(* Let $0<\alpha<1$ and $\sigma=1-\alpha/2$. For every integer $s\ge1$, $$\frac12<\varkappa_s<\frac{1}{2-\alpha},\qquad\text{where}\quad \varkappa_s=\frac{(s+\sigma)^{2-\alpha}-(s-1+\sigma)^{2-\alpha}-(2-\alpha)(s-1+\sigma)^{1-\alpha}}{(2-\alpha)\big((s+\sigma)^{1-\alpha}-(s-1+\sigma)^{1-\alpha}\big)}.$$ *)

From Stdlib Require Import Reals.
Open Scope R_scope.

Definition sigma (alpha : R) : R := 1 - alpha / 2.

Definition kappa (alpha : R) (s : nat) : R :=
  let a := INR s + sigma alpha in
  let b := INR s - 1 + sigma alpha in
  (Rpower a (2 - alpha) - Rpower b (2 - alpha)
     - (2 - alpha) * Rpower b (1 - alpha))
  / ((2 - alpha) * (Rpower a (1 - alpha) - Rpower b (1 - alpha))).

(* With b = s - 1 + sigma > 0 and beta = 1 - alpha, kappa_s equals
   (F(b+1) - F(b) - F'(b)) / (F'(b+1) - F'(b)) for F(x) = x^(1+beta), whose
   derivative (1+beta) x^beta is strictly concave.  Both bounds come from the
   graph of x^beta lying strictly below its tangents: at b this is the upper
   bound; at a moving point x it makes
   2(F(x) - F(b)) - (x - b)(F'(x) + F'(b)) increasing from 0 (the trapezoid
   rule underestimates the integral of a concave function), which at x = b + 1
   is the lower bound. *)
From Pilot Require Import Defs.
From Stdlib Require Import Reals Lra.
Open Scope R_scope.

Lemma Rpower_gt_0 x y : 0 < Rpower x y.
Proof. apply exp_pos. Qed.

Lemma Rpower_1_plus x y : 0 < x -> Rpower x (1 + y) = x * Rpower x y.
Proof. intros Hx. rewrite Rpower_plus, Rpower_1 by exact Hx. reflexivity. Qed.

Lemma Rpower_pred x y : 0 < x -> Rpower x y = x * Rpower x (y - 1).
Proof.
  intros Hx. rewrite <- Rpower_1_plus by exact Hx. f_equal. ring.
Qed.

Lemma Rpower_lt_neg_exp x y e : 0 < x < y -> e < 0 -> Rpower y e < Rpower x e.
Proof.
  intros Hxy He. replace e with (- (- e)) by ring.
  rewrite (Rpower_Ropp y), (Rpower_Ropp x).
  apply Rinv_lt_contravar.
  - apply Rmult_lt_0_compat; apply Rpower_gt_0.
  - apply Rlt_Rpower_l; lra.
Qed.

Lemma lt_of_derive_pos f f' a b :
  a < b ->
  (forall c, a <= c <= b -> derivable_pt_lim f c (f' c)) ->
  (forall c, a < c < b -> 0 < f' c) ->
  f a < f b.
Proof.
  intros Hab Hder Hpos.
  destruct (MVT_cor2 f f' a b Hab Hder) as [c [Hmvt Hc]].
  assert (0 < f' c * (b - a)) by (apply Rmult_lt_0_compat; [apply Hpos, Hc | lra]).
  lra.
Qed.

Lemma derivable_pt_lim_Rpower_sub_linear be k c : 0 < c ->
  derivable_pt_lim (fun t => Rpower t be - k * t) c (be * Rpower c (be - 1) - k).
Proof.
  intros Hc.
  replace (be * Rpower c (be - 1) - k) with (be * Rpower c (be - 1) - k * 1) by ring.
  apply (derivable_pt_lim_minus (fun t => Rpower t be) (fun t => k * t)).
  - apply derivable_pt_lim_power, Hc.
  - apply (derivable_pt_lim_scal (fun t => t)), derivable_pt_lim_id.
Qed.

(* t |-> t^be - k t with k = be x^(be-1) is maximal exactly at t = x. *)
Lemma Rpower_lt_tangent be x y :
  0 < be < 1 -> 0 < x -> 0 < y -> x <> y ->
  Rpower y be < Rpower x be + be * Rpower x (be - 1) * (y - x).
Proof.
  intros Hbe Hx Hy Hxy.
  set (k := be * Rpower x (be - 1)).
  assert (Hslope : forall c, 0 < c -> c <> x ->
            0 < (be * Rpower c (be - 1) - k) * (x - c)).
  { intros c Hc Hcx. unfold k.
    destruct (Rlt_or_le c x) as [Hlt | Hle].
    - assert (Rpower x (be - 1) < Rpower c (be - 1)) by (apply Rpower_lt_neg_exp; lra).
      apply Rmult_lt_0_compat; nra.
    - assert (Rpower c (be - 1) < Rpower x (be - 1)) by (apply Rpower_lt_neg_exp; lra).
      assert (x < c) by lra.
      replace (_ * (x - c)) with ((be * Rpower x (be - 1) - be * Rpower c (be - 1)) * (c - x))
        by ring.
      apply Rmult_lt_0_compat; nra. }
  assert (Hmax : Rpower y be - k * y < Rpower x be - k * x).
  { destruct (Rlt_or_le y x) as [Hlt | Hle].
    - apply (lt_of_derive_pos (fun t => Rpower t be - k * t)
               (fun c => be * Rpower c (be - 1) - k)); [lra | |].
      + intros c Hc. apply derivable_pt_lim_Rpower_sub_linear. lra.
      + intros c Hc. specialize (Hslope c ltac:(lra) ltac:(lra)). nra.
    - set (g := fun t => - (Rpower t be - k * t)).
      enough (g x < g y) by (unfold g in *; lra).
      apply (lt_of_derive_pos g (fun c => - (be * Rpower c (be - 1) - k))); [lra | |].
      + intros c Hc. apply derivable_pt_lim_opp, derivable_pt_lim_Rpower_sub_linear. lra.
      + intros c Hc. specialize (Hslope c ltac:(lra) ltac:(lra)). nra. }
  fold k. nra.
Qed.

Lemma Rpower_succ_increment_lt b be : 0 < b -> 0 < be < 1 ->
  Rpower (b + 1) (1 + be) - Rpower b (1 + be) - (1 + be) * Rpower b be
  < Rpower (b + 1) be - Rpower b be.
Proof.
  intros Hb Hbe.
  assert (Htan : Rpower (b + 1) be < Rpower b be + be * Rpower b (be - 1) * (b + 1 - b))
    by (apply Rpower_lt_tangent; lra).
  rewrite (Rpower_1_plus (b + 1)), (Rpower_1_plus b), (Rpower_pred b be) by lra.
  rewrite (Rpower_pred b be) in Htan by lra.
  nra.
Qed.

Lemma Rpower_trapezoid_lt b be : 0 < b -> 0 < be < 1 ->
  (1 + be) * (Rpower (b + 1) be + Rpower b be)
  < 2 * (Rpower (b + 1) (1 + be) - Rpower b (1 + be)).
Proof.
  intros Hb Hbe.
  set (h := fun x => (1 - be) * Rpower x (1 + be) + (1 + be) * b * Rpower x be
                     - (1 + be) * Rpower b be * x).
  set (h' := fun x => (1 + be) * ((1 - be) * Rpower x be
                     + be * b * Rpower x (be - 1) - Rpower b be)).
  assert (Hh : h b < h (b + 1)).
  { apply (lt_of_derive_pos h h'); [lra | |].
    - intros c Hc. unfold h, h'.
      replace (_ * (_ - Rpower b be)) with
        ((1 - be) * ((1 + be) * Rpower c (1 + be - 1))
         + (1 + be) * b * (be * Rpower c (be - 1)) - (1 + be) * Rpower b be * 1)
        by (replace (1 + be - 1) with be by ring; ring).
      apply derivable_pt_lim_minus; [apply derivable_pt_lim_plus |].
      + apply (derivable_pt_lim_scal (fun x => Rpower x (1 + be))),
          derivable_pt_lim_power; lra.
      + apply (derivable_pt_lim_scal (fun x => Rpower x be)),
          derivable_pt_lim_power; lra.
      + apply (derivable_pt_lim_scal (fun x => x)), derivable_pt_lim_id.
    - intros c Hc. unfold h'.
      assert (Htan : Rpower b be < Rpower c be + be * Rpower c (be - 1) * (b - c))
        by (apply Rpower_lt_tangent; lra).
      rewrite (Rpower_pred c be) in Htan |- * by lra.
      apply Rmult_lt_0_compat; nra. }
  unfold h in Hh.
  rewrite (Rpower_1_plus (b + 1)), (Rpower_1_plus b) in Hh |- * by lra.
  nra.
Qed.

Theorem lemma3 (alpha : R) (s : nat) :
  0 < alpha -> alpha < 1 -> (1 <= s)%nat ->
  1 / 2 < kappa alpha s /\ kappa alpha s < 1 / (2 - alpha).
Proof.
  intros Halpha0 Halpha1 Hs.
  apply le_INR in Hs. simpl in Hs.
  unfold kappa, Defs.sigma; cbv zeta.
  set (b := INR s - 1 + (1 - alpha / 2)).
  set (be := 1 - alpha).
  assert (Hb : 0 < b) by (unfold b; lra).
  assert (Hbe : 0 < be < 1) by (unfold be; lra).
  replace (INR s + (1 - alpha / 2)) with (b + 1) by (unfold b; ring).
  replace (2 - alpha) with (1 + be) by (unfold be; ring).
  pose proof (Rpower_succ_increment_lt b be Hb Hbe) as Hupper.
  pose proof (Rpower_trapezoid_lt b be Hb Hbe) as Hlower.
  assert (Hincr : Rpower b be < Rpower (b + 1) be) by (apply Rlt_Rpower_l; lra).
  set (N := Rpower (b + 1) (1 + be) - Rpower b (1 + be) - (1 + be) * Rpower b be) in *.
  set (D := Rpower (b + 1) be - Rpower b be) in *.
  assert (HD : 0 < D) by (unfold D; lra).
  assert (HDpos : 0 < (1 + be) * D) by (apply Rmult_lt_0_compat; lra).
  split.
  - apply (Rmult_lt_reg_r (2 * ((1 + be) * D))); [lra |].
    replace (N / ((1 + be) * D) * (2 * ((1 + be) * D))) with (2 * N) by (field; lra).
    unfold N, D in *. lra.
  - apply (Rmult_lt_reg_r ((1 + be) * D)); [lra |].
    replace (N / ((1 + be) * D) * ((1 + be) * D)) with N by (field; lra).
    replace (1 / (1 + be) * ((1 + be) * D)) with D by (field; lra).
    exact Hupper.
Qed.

++++++++++

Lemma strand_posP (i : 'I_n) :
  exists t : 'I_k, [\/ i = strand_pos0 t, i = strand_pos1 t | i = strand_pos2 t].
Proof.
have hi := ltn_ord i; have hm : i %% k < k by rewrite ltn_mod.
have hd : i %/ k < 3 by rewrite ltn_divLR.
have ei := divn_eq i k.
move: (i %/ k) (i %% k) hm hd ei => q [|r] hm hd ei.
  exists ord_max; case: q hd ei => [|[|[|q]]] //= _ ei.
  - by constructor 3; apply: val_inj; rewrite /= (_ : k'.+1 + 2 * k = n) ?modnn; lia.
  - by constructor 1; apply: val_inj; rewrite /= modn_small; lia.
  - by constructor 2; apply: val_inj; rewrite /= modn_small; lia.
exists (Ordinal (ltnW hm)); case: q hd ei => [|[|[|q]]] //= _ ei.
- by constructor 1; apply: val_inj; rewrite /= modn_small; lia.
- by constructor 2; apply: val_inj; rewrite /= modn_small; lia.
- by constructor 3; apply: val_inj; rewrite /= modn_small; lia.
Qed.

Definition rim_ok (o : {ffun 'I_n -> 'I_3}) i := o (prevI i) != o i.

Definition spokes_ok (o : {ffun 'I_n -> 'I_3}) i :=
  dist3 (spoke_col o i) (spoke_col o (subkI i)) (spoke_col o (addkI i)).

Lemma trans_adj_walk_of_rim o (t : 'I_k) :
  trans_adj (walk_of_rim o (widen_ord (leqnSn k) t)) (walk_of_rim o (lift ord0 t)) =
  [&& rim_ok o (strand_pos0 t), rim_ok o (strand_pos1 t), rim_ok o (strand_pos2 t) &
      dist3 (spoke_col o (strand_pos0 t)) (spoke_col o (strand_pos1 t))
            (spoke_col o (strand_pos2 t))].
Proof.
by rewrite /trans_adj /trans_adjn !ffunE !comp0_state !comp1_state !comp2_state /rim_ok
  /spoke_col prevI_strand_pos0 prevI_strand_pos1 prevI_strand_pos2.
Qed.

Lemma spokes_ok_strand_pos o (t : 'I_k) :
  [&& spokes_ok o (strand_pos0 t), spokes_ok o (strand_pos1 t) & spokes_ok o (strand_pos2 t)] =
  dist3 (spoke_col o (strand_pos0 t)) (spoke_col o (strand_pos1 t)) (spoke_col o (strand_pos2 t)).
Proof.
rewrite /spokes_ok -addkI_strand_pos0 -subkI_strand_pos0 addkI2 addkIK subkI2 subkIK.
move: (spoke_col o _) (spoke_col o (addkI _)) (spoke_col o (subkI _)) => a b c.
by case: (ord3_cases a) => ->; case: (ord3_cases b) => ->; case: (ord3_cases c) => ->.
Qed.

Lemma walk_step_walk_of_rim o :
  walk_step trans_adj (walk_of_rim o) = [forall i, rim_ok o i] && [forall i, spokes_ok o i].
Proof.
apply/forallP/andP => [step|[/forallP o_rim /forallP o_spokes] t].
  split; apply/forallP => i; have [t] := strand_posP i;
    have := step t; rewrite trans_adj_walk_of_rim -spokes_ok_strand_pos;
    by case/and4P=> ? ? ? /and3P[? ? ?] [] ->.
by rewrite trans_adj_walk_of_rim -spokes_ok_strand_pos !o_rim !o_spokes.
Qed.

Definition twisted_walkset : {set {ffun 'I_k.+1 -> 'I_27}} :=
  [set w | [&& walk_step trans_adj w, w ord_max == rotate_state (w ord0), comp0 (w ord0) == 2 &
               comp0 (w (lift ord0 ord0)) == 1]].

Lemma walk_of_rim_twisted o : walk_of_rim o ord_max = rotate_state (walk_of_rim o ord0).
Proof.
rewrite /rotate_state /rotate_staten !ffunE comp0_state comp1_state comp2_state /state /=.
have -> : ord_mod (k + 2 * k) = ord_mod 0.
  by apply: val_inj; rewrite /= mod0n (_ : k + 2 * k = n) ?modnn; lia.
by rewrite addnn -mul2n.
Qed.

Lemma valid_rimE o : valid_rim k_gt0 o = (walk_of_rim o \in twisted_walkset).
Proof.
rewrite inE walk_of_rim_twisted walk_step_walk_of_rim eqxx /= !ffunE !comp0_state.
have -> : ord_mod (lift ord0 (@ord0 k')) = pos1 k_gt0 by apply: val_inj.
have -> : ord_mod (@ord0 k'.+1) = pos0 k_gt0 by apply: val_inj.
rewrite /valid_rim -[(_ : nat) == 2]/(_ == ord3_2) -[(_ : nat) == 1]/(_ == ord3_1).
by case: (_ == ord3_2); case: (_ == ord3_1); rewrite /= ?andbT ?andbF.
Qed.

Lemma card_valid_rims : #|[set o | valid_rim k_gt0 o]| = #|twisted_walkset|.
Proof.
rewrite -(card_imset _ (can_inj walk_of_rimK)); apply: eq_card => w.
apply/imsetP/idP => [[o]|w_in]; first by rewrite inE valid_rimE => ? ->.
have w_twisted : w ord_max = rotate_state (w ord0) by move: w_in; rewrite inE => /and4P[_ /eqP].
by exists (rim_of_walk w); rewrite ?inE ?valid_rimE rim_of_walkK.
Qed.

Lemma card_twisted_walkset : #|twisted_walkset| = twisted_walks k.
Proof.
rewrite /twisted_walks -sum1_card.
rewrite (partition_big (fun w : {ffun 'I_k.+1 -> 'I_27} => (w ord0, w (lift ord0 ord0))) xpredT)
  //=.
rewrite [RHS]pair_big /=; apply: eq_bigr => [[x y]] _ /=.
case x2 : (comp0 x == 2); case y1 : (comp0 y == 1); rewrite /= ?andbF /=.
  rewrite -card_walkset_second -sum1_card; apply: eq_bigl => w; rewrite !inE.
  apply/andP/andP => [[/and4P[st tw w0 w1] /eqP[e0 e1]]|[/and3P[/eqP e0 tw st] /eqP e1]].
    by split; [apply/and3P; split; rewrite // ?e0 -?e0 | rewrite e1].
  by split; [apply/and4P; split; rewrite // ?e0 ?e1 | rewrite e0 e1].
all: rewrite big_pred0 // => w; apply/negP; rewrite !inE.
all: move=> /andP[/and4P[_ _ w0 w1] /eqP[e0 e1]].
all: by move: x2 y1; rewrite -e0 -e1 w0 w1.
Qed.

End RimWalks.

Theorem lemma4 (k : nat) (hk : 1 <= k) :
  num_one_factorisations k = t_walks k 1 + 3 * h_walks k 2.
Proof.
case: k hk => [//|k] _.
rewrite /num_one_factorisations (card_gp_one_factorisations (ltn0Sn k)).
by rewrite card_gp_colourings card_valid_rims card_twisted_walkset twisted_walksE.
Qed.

++++++++++

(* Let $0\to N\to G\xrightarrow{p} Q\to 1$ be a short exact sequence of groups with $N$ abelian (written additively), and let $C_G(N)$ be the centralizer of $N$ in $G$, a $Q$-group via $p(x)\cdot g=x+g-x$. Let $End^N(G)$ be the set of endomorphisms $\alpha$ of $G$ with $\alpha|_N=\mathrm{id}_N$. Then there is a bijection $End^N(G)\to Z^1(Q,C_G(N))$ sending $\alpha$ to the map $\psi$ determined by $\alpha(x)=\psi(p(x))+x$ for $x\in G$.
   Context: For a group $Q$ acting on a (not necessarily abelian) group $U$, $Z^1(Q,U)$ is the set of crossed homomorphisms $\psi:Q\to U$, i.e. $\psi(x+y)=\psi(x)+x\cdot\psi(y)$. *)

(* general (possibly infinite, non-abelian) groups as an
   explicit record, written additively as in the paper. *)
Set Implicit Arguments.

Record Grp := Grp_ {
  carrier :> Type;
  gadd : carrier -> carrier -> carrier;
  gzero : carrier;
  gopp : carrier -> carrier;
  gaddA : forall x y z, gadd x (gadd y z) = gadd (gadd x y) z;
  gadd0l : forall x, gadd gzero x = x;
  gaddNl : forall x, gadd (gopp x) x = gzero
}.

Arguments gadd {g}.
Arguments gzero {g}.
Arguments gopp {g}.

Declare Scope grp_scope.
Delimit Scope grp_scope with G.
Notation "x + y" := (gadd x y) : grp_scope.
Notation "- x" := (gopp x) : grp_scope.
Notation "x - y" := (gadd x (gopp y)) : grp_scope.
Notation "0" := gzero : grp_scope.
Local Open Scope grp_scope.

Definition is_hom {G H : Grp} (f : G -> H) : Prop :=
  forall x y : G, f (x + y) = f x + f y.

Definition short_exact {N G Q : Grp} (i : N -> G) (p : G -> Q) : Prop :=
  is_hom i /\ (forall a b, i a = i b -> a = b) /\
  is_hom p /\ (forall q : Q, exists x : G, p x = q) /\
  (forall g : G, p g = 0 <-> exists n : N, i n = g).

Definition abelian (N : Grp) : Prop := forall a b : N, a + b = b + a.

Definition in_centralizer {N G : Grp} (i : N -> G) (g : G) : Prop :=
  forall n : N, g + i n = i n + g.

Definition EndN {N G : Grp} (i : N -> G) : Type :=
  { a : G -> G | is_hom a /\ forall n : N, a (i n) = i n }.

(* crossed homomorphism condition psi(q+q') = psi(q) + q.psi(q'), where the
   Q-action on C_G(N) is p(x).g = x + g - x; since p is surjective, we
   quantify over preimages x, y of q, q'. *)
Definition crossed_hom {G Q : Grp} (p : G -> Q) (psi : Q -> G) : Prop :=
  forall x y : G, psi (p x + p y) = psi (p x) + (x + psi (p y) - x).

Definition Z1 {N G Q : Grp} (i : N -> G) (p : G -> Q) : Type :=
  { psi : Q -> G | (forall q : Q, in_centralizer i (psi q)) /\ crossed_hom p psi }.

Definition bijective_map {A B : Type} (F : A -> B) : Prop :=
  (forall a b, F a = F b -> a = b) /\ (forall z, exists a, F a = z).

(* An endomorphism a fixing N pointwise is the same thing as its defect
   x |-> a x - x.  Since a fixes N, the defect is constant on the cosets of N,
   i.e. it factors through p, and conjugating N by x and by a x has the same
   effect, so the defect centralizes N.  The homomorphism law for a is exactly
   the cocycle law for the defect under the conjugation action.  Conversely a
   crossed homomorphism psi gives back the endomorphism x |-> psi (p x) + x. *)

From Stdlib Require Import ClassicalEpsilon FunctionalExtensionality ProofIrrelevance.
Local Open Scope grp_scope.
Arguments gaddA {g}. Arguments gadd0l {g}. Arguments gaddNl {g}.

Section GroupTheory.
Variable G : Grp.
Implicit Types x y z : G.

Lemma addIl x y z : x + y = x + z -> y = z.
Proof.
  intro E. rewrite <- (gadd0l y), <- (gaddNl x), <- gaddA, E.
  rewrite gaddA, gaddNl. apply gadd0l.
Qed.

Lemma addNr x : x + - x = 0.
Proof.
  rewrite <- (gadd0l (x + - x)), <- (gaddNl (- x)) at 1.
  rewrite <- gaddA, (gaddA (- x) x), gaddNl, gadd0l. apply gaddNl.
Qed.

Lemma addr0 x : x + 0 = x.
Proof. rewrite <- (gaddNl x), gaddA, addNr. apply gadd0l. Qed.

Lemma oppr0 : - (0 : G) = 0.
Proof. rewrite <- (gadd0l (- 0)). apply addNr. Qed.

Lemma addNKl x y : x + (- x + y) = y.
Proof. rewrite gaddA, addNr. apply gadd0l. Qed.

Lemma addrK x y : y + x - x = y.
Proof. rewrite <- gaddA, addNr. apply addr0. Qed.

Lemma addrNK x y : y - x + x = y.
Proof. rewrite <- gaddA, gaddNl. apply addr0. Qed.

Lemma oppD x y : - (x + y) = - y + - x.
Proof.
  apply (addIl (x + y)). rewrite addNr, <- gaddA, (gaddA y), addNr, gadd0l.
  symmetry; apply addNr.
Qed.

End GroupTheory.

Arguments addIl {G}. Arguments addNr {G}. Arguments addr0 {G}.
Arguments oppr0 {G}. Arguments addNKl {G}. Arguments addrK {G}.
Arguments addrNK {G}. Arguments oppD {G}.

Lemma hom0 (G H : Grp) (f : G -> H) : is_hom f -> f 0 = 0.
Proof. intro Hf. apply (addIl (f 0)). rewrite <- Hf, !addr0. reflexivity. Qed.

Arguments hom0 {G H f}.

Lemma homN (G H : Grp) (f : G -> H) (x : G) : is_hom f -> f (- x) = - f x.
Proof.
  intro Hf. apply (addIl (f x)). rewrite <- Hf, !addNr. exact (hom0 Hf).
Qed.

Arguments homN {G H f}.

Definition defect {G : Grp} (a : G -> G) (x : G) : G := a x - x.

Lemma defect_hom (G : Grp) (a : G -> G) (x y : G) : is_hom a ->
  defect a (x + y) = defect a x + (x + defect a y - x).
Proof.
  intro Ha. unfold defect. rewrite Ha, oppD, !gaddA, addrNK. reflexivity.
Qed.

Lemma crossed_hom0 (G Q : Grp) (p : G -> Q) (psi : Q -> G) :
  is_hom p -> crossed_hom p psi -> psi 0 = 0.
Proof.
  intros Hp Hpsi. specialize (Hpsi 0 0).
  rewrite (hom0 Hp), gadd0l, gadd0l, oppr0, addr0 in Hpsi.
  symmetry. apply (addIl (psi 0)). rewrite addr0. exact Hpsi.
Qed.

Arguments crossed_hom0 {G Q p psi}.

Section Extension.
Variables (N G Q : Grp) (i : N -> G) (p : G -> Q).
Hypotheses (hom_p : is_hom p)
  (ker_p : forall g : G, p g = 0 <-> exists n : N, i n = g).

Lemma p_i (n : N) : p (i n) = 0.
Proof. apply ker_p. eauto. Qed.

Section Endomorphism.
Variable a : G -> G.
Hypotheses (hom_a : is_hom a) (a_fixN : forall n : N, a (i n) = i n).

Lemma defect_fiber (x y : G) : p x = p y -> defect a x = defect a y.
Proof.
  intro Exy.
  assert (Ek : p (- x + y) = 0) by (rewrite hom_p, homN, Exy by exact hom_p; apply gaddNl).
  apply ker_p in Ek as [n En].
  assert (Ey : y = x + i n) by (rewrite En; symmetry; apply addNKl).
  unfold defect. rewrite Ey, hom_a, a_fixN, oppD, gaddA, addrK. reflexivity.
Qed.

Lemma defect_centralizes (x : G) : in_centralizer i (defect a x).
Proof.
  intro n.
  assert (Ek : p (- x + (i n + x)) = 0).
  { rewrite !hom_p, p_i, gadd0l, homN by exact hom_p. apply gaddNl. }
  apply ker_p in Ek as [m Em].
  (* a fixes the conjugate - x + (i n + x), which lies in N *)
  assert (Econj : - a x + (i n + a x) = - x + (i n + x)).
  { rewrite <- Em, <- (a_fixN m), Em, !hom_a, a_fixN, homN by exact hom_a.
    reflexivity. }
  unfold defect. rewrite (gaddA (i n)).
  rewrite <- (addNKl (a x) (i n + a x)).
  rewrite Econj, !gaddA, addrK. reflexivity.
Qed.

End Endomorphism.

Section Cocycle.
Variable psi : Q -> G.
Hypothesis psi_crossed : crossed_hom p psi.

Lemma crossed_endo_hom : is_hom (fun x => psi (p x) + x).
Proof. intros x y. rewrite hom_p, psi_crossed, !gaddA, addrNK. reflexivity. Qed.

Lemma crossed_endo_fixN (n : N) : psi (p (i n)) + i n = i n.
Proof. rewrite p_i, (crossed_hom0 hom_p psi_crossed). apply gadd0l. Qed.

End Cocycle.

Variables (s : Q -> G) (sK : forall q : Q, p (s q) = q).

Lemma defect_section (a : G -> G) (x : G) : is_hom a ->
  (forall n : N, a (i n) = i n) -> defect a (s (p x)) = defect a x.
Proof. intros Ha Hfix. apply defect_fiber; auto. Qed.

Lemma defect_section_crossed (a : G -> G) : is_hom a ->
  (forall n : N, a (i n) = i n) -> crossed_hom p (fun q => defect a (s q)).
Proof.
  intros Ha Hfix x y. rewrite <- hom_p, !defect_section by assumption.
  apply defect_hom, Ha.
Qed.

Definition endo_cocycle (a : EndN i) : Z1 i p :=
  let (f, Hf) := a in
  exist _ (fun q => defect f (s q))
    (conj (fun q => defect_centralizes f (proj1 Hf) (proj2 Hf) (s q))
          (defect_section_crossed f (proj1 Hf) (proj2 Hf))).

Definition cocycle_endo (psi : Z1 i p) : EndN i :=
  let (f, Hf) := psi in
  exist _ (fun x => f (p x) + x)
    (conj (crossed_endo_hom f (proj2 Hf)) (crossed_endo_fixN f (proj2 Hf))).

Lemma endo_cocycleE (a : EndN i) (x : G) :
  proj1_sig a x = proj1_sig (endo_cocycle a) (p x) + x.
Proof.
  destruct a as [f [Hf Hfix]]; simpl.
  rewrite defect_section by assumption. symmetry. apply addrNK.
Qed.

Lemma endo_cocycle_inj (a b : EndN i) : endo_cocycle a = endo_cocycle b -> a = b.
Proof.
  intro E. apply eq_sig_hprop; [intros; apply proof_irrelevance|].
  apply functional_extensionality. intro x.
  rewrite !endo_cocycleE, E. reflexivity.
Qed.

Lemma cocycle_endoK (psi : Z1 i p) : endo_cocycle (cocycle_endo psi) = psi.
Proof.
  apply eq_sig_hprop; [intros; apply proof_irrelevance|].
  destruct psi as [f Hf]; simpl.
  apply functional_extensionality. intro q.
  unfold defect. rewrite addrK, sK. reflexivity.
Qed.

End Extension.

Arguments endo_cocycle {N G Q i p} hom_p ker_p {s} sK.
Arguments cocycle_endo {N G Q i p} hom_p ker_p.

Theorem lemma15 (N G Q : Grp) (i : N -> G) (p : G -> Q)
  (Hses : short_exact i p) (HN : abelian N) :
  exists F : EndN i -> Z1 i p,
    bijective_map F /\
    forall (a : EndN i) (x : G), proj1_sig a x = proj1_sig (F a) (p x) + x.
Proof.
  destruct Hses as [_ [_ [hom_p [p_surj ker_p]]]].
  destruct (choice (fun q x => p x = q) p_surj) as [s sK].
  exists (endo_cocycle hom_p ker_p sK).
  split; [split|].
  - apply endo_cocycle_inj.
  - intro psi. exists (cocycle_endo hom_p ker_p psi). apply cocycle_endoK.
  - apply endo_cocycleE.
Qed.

++++++++++

= What you need to do =
From the records above, repeat exactly the lines from the one with "rewrite <- (addNKl (a x) (i n + a x))." through the one with "let (f, Hf) := a in", both included.

= Reply =
  rewrite <- (addNKl (a x) (i n + a x)).
  rewrite Econj, !gaddA, addrK. reflexivity.
Qed.

End Endomorphism.

Section Cocycle.
Variable psi : Q -> G.
Hypothesis psi_crossed : crossed_hom p psi.

Lemma crossed_endo_hom : is_hom (fun x => psi (p x) + x).
Proof. intros x y. rewrite hom_p, psi_crossed, !gaddA, addrNK. reflexivity. Qed.

Lemma crossed_endo_fixN (n : N) : psi (p (i n)) + i n = i n.
Proof. rewrite p_i, (crossed_hom0 hom_p psi_crossed). apply gadd0l. Qed.

End Cocycle.

Variables (s : Q -> G) (sK : forall q : Q, p (s q) = q).

Lemma defect_section (a : G -> G) (x : G) : is_hom a ->
  (forall n : N, a (i n) = i n) -> defect a (s (p x)) = defect a x.
Proof. intros Ha Hfix. apply defect_fiber; auto. Qed.

Lemma defect_section_crossed (a : G -> G) : is_hom a ->
  (forall n : N, a (i n) = i n) -> crossed_hom p (fun q => defect a (s q)).
Proof.
  intros Ha Hfix x y. rewrite <- hom_p, !defect_section by assumption.
  apply defect_hom, Ha.
Qed.

Definition endo_cocycle (a : EndN i) : Z1 i p :=
  let (f, Hf) := a in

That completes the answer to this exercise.